Hi,
I am trying to estimate multinomial hidden markov model (i.e., states and observations are all discrete) using this code by Luis Damiano.
The HMM problem that I am dealing with has 2 hidden states and 4 possible outcomes (observations).
When fitting the model using Stan, the posterior is multimodal as expected, likely because of the possible rotation.
One solution that I am thinking about is setting a constraint that the emission probability of observation 1 for State 1 is always higher than State 2.
In mathematical form, if we define B_{ij} as probability of observing j, j = 1,...4 for state i, i = 1,2, set a constraint that B_{11} > B_{21}.
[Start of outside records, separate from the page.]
(* Let $H(z)$ be a function analytic at $0$ and let $A(z)=\sum_{n>0}a_nz^n$ be a formal power series whose coefficients satisfy \[ a_n \approx n^{\alpha n}\beta^n n^\gamma\,\tilde A(n^{-1}) \] for some $\alpha\in\mathbb{Z}_{>0}$, $\beta\in\mathbb{R}_{>0}$, $\gamma\in\mathbb{R}$ and nonzero formal power series $\tilde A(z)$. Define \[ \tilde A_j(z) = e^{-\alpha j}\beta^{-j} z^{\alpha j}(1-jz)^{\gamma-\alpha j}\, e^{\alpha z^{-1}(\log(1-jz)+jz)}\,\tilde A\!\left(\frac{z}{1-jz}\right), \qquad \tilde A_H(z) = \sum_{j\geq 0}\tilde A_j(z)\,[x^j]H'(A(x)). \] Then \[ [z^n]H(A(z)) \approx n^{\alpha n}\beta^n n^\gamma\,\tilde A_H(n^{-1}). \]
   Context: For a formal power series $\tilde F(z)$, $f_n \approx b_n\tilde F(n^{-1})$ means that for every fixed $r\geq 0$, $f_n = b_n\big(\sum_{\ell=0}^{r-1}[z^\ell]\tilde F(z)\,n^{-\ell} + O(n^{-r})\big)$ as $n\to\infty$. $[x^j]F$ denotes the coefficient of $x^j$ in the formal power series $F$; $H(A(x))$ and $H'(A(x))$ are formal compositions (well defined since $A(0)=0$). The sum defining $\tilde A_H$ is a well-defined formal power series since $\tilde A_j(z)$ has valuation at least $\alpha j$. *)

From Stdlib Require Import Reals Lra Lia Arith Factorial.
Open Scope R_scope.

Fixpoint sumR (n : nat) (f : nat -> R) : R :=
  match n with O => 0 | S m => sumR m f + f m end.
Fixpoint prodR (n : nat) (f : nat -> R) : R :=
  match n with O => 1 | S m => prodR m f * f m end.

Definition fps := nat -> R.

Definition fps_one : fps := fun n => match n with O => 1 | _ => 0 end.
Definition fps_add (f g : fps) : fps := fun n => f n + g n.
Definition fps_scale (c : R) (f : fps) : fps := fun n => c * f n.
Definition fps_mul (f g : fps) : fps :=
  fun n => sumR (S n) (fun i => f i * g (n - i)%nat).
Fixpoint fps_pow (f : fps) (k : nat) : fps :=
  match k with O => fps_one | S m => fps_mul f (fps_pow f m) end.
Definition fps_shift (k : nat) (f : fps) : fps :=
  fun n => if Nat.leb k n then f (n - k)%nat else 0.
(* division by z (used only for series with zero constant term) *)
Definition fps_divz (f : fps) : fps := fun n => f (S n).
Definition fps_deriv (f : fps) : fps := fun n => INR (S n) * f (S n).
(* formal composition f(g(z)), meaningful when g 0 = 0:
   [z^n] f(g) = sum_{k<=n} f_k [z^n] g^k *)
Definition fps_comp (f g : fps) : fps :=
  fun n => sumR (S n) (fun k => f k * fps_pow g k n).
(* formal exponential exp(s), meaningful when s 0 = 0 *)
Definition fps_exp (s : fps) : fps :=
  fun n => sumR (S n) (fun m => fps_pow s m n / INR (fact m)).
Definition gbinom (p : R) (k : nat) : R :=
  prodR k (fun i => p - INR i) / INR (fact k).
(* (1 + c z)^p = sum_k binom(p,k) c^k z^k  (formal binomial series) *)
Definition fps_binom (c p : R) : fps := fun k => gbinom p k * c ^ k.
(* log(1 - c z) = - sum_{k>=1} c^k z^k / k *)
Definition fps_log1m (c : R) : fps :=
  fun k => match k with O => 0 | _ => - (c ^ k) / INR k end.
Definition fps_lin (c : R) : fps :=
  fun k => match k with 1%nat => c | _ => 0 end.
Definition fps_geom (c : R) : fps := fun k => c ^ k.

(* f_n ≈ b_n F(1/n): for every r, f_n = b_n (sum_{l<r} F_l n^{-l} + O(n^{-r})) *)
Definition asymp_approx (f b : nat -> R) (F : fps) : Prop :=
  forall r : nat, exists C : R, exists N : nat, forall n : nat, (N <= n)%nat ->
    exists e : R,
      f n = b n * (sumR r (fun l => F l * / (INR n ^ l)) + e)
      /\ Rabs e <= C * / (INR n ^ r).

(* H analytic at 0, given by its Taylor coefficients h: positive radius *)
Definition analytic_at0 (h : fps) : Prop :=
  exists rho : R, 0 < rho /\ exists M : R, forall k : nat, Rabs (h k) * rho ^ k <= M.

Definition scale_seq (alpha : nat) (beta gamma : R) (n : nat) : R :=
  INR n ^ (alpha * n) * beta ^ n * Rpower (INR n) gamma.

Definition At_j (alpha : nat) (beta gamma : R) (At : fps) (j : nat) : fps :=
  let a := INR alpha in
  let jr := INR j in
  fps_scale (exp (- a * jr) * / (beta ^ j))
    (fps_shift (alpha * j)
      (fps_mul (fps_binom (- jr) (gamma - a * jr))
        (fps_mul
          (fps_exp (fps_scale a (fps_divz (fps_add (fps_log1m jr) (fps_lin jr)))))
          (fps_comp At (fps_shift 1 (fps_geom jr)))))).

(* tilde A_H(z) = sum_{j>=0} tilde A_j(z) [x^j] H'(A(x)); since tilde A_j has
   valuation >= alpha j >= j, only j <= l contribute to [z^l]. *)
Definition At_H (alpha : nat) (beta gamma : R) (At h a : fps) : fps :=
  fun l => sumR (S l) (fun j => At_j alpha beta gamma At j l
                                 * fps_comp (fps_deriv h) a j).

(* Write [s_n = n^(alpha n) beta^n n^gamma] and split [A = T + L], where [T] keeps the coefficients
   of degree [<= n - R].  Since [L] has valuation [> n - R] and [2R <= n], only the terms linear
   in [L] reach [z^n]:  [z^n] H(A) = [z^n] H(T) + sum_(j<R) [x^j]H'(A) a_(n-j).
   Each [a_(n-j) / s_n] expands in powers of [1/n] as [At_j]: the ratio [s_(n-j) / s_n] is the
   product of [e^(-alpha j) beta^(-j) n^(-alpha j)], [(1 - j/n)^(gamma - alpha j)] and
   [exp(alpha n (log(1 - j/n) + j/n))], each of which expands, and [At(1/(n-j))] is [At]
   composed with [z/(1 - jz)].
   For the remainder, [h] is majorized by [M/(1 - th z)] and [|a_i|] by [K beta^i D_i] with
   [D_i = (i+c)^(alpha(i+c))].  This sequence is log-convex and grows faster than [i D_(i-1)], so
   convolutions of it are dominated by their extreme terms (Bender's method), which gives
   [[z^n] H(T) = O(n beta^n D_(n-R)) = O(s_n n^-r)] for [R = r + 2c + 2]. *)

From Stdlib Require Import Reals.
From Stdlib Require Import Lra Lia Arith FunctionalExtensionality.
Open Scope R_scope.

Lemma sumR_ext n f g : (forall i, (i < n)%nat -> f i = g i) -> sumR n f = sumR n g.
Proof.
  induction n; intros H; simpl; auto.
  rewrite IHn by (intros; apply H; lia). rewrite H by lia. reflexivity.
Qed.

Lemma sumR_add n f g : sumR n (fun i => f i + g i) = sumR n f + sumR n g.
Proof. induction n; simpl; [lra|]. rewrite IHn. lra. Qed.

Lemma sumR_sub n f g : sumR n (fun i => f i - g i) = sumR n f - sumR n g.
Proof. induction n; simpl; [lra|]. rewrite IHn. lra. Qed.

Lemma sumR_scal n c f : sumR n (fun i => c * f i) = c * sumR n f.
Proof. induction n; simpl; [lra|]. rewrite IHn. lra. Qed.

Lemma sumR_const n A : sumR n (fun _ => A) = INR n * A.
Proof. induction n; cbn [sumR]; [simpl; ring|]. rewrite IHn, S_INR. ring. Qed.

Lemma sumR_eq0 n f : (forall i, (i < n)%nat -> f i = 0) -> sumR n f = 0.
Proof. intros H. rewrite (sumR_ext n f (fun _ => 0)), sumR_const by auto. ring. Qed.

Lemma sumR_split m n f : sumR (m + n) f = sumR m f + sumR n (fun i => f (m + i)%nat).
Proof.
  induction n; simpl.
  - rewrite Nat.add_0_r. lra.
  - rewrite Nat.add_succ_r. simpl. rewrite IHn. lra.
Qed.

Lemma sumR_recr n f : sumR (S n) f = sumR n f + f n.
Proof. reflexivity. Qed.

Lemma sumR_recl n f : sumR (S n) f = f 0%nat + sumR n (fun i => f (S i)).
Proof. induction n; simpl; [lra|]. simpl in IHn. rewrite IHn. lra. Qed.

Lemma sumR_vanish_tail m n f : (m <= n)%nat -> (forall i, (m <= i < n)%nat -> f i = 0) ->
  sumR n f = sumR m f.
Proof.
  intros Hmn H. replace n with (m + (n - m))%nat by lia.
  rewrite sumR_split, (sumR_eq0 (n - m)); [lra|]. intros; apply H; lia.
Qed.

Lemma sumR_rev n f : sumR n f = sumR n (fun i => f (n - 1 - i)%nat).
Proof.
  induction n; auto.
  rewrite (sumR_recl n (fun i => f (S n - 1 - i)%nat)). cbn [sumR]. rewrite IHn.
  replace (S n - 1 - 0)%nat with n by lia.
  rewrite Rplus_comm. f_equal. apply sumR_ext. intros. f_equal. lia.
Qed.

Lemma sumR_swap n m f :
  sumR n (fun i => sumR m (fun j => f i j)) = sumR m (fun j => sumR n (fun i => f i j)).
Proof.
  induction n; simpl.
  - symmetry. apply sumR_eq0. auto.
  - rewrite IHn, <- sumR_add. reflexivity.
Qed.

Lemma sumR_triangle_swap N (g : nat -> nat -> R) :
  sumR N (fun m => sumR (S m) (fun i => g i (m - i)%nat)) =
  sumR N (fun i => sumR (N - i) (fun j => g i j)).
Proof.
  induction N; auto.
  rewrite (sumR_recr N (fun m => sumR (S m) (fun i => g i (m - i)%nat))).
  rewrite (sumR_recr N (fun i => sumR (S N - i) (fun j => g i j))), IHN.
  rewrite (sumR_ext N (fun i => sumR (S N - i) (fun j => g i j))
              (fun i => sumR (N - i) (fun j => g i j) + g i (N - i)%nat)).
  2:{ intros i Hi. replace (S N - i)%nat with (S (N - i)) by lia. reflexivity. }
  rewrite sumR_add. replace (S N - N)%nat with 1%nat by lia.
  rewrite sumR_recr. replace (N - N)%nat with 0%nat by lia. simpl. lra.
Qed.

Lemma sumR_abs n f : Rabs (sumR n f) <= sumR n (fun i => Rabs (f i)).
Proof.
  induction n; simpl; [rewrite Rabs_R0; lra|].
  eapply Rle_trans; [apply Rabs_triang | lra].
Qed.

Lemma sumR_le n f g : (forall i, (i < n)%nat -> f i <= g i) -> sumR n f <= sumR n g.
Proof.
  induction n; intros H; simpl; [lra|].
  assert (sumR n f <= sumR n g) by (apply IHn; intros; apply H; lia).
  assert (f n <= g n) by (apply H; lia). lra.
Qed.

Lemma sumR_ge0 n f : (forall i, (i < n)%nat -> 0 <= f i) -> 0 <= sumR n f.
Proof. intros H. rewrite <- (sumR_eq0 n (fun _ => 0)) by auto. apply sumR_le. auto. Qed.

Lemma sumR_ge_term n f k : (forall i, (i < n)%nat -> 0 <= f i) -> (k < n)%nat ->
  f k <= sumR n f.
Proof.
  intros H Hk. replace n with (k + S (n - S k))%nat by lia.
  rewrite sumR_split, sumR_recl, Nat.add_0_r.
  assert (0 <= sumR k f) by (apply sumR_ge0; intros; apply H; lia).
  assert (0 <= sumR (n - S k) (fun i => f (k + S i)%nat)) by (apply sumR_ge0; intros; apply H; lia).
  lra.
Qed.

Lemma sumR_indicator_le n k A : 0 <= A ->
  sumR n (fun i => if Nat.ltb i k then A else 0) <= INR k * A.
Proof.
  intros HA. induction n; cbn [sumR].
  - simpl. apply Rmult_le_pos; auto. apply pos_INR.
  - destruct (Nat.ltb n k) eqn:E; [|lra].
    apply Nat.ltb_lt in E.
    assert (sumR n (fun i => if Nat.ltb i k then A else 0) <= INR n * A).
    { rewrite <- sumR_const. apply sumR_le. intros. destruct (Nat.ltb i k); lra. }
    assert (INR n + 1 <= INR k) by (rewrite <- S_INR; apply le_INR; lia). nra.
Qed.

Lemma sumR_delta n k A : (k < n)%nat -> sumR n (fun i => if Nat.eqb i k then A else 0) = A.
Proof.
  intros H. replace n with (k + S (n - S k))%nat by lia.
  rewrite sumR_split, sumR_recl, Nat.add_0_r, Nat.eqb_refl.
  rewrite !sumR_eq0; [ring| |].
  - intros i _. destruct (Nat.eqb_spec (k + S i) k); [lia|reflexivity].
  - intros i Hi. destruct (Nat.eqb_spec i k); [lia|reflexivity].
Qed.

(** * Formal power series *)

Lemma fps_mul_comm F G : fps_mul F G = fps_mul G F.
Proof.
  apply functional_extensionality. intro n. unfold fps_mul.
  rewrite sumR_rev. apply sumR_ext. intros i Hi.
  replace (S n - 1 - i)%nat with (n - i)%nat by lia.
  replace (n - (n - i))%nat with i by lia. lra.
Qed.

Lemma fps_mul_addl F G H : fps_mul (fps_add F G) H = fps_add (fps_mul F H) (fps_mul G H).
Proof.
  apply functional_extensionality. intro n. unfold fps_mul, fps_add.
  rewrite <- sumR_add. apply sumR_ext. intros. lra.
Qed.

Lemma fps_mul_addr F G H : fps_mul H (fps_add F G) = fps_add (fps_mul H F) (fps_mul H G).
Proof. rewrite fps_mul_comm, fps_mul_addl, (fps_mul_comm F), (fps_mul_comm G). reflexivity. Qed.

Lemma fps_mul_scaler c F G : fps_mul G (fps_scale c F) = fps_scale c (fps_mul G F).
Proof.
  apply functional_extensionality. intro n. unfold fps_mul, fps_scale.
  rewrite <- sumR_scal. apply sumR_ext. intros. lra.
Qed.

Lemma fps_mul_assoc F G H : fps_mul F (fps_mul G H) = fps_mul (fps_mul F G) H.
Proof.
  apply functional_extensionality. intro l. unfold fps_mul.
  pose proof (sumR_triangle_swap (S l) (fun i j => F i * G j * H (l - i - j)%nat)) as T.
  cbv beta in T. symmetry.
  rewrite (sumR_ext (S l) _
    (fun m => sumR (S m) (fun i => F i * G (m - i)%nat * H (l - i - (m - i))%nat))).
  2:{ intros m Hm. rewrite Rmult_comm, <- sumR_scal. apply sumR_ext. intros i Hi.
      replace (l - i - (m - i))%nat with (l - m)%nat by lia. lra. }
  rewrite T. apply sumR_ext. intros i Hi. rewrite <- sumR_scal.
  replace (S l - i)%nat with (S (l - i)) by lia. apply sumR_ext. intros j Hj. lra.
Qed.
However, I cannot use simple solutions like ordered
, since B is implemented as rows of simplexes like below:
parameters {
// ...
// Discrete observation model
simplex[L] phi_k[K]; // event probabilities
}
Instead, my alternative plan is manually exchanging two simplexes phi_k[1]
and phi_k[2]
when phi_k[1,1] < phi_k[2,1]
.
One problem with this approach is that I cannot directly access to phi_k
. Alternatively, I created ordered_phi_k
in transformed parameters
and used it in the place of phi_k
.
So, the original code was
transformed parameters {
vector[K] unalpha_tk[T];
{ // Forward algorithm log p(z_t = j | x_{1:t})
real accumulator[K];
for (j in 1:K) {
unalpha_tk[1][j] = log(p_1k[j]) + log(phi_k[j, x[1]]);
}
for (t in 2:T) {
for (j in 1:K) { // j = current (t)
for (i in 1:K) { // i = previous (t-1)
// Murphy (2012) Eq. 17.48
// belief state + transition prob + local evidence at t
accumulator[i] = unalpha_tk[t-1, i] + log(A_ij[i, j]) + log(phi_k[j, x[t]]);
}
unalpha_tk[t, j] = log_sum_exp(accumulator);
}
}
} // Forward
}
and I have modified it into
transformed parameters {
vector[K] unalpha_tk[T];
vector[L] ordered_phi_k[K];
{ // Forward algorithm log p(z_t = j | x_{1:t})
real accumulator[K];
// use ordered phi
if (phi_k[2,1] > phi_k[1,1]) {
ordered_phi_k[1] = phi_k[2];
ordered_phi_k[2] = phi_k[1];
} else {
ordered_phi_k[1] = phi_k[1];
ordered_phi_k[2] = phi_k[2];
}
for (j in 1:K) {
unalpha_tk[1][j] = log(p_1k[j]) + log(ordered_phi_k[j, x[1]]);
}
for (t in 2:T) {
for (j in 1:K) { // j = current (t)
for (i in 1:K) { // i = previous (t-1)
// Murphy (2012) Eq. 17.48
// belief state + transition prob + local evidence at t
accumulator[i] = unalpha_tk[t-1, i] + log(A_ij[i, j]) + log(ordered_phi_k[j, x[t]]);
}
unalpha_tk[t, j] = log_sum_exp(accumulator);
}
}
} // Forward
}
What was the result?
I have simulated a HMM sequence with 1000 observations, where A = [0.75, 0.25; 0.35, 0.65], and B = [0.5, 0.3, 0.1, 0.1; 0.1, 0.15, 0.4, 0.35].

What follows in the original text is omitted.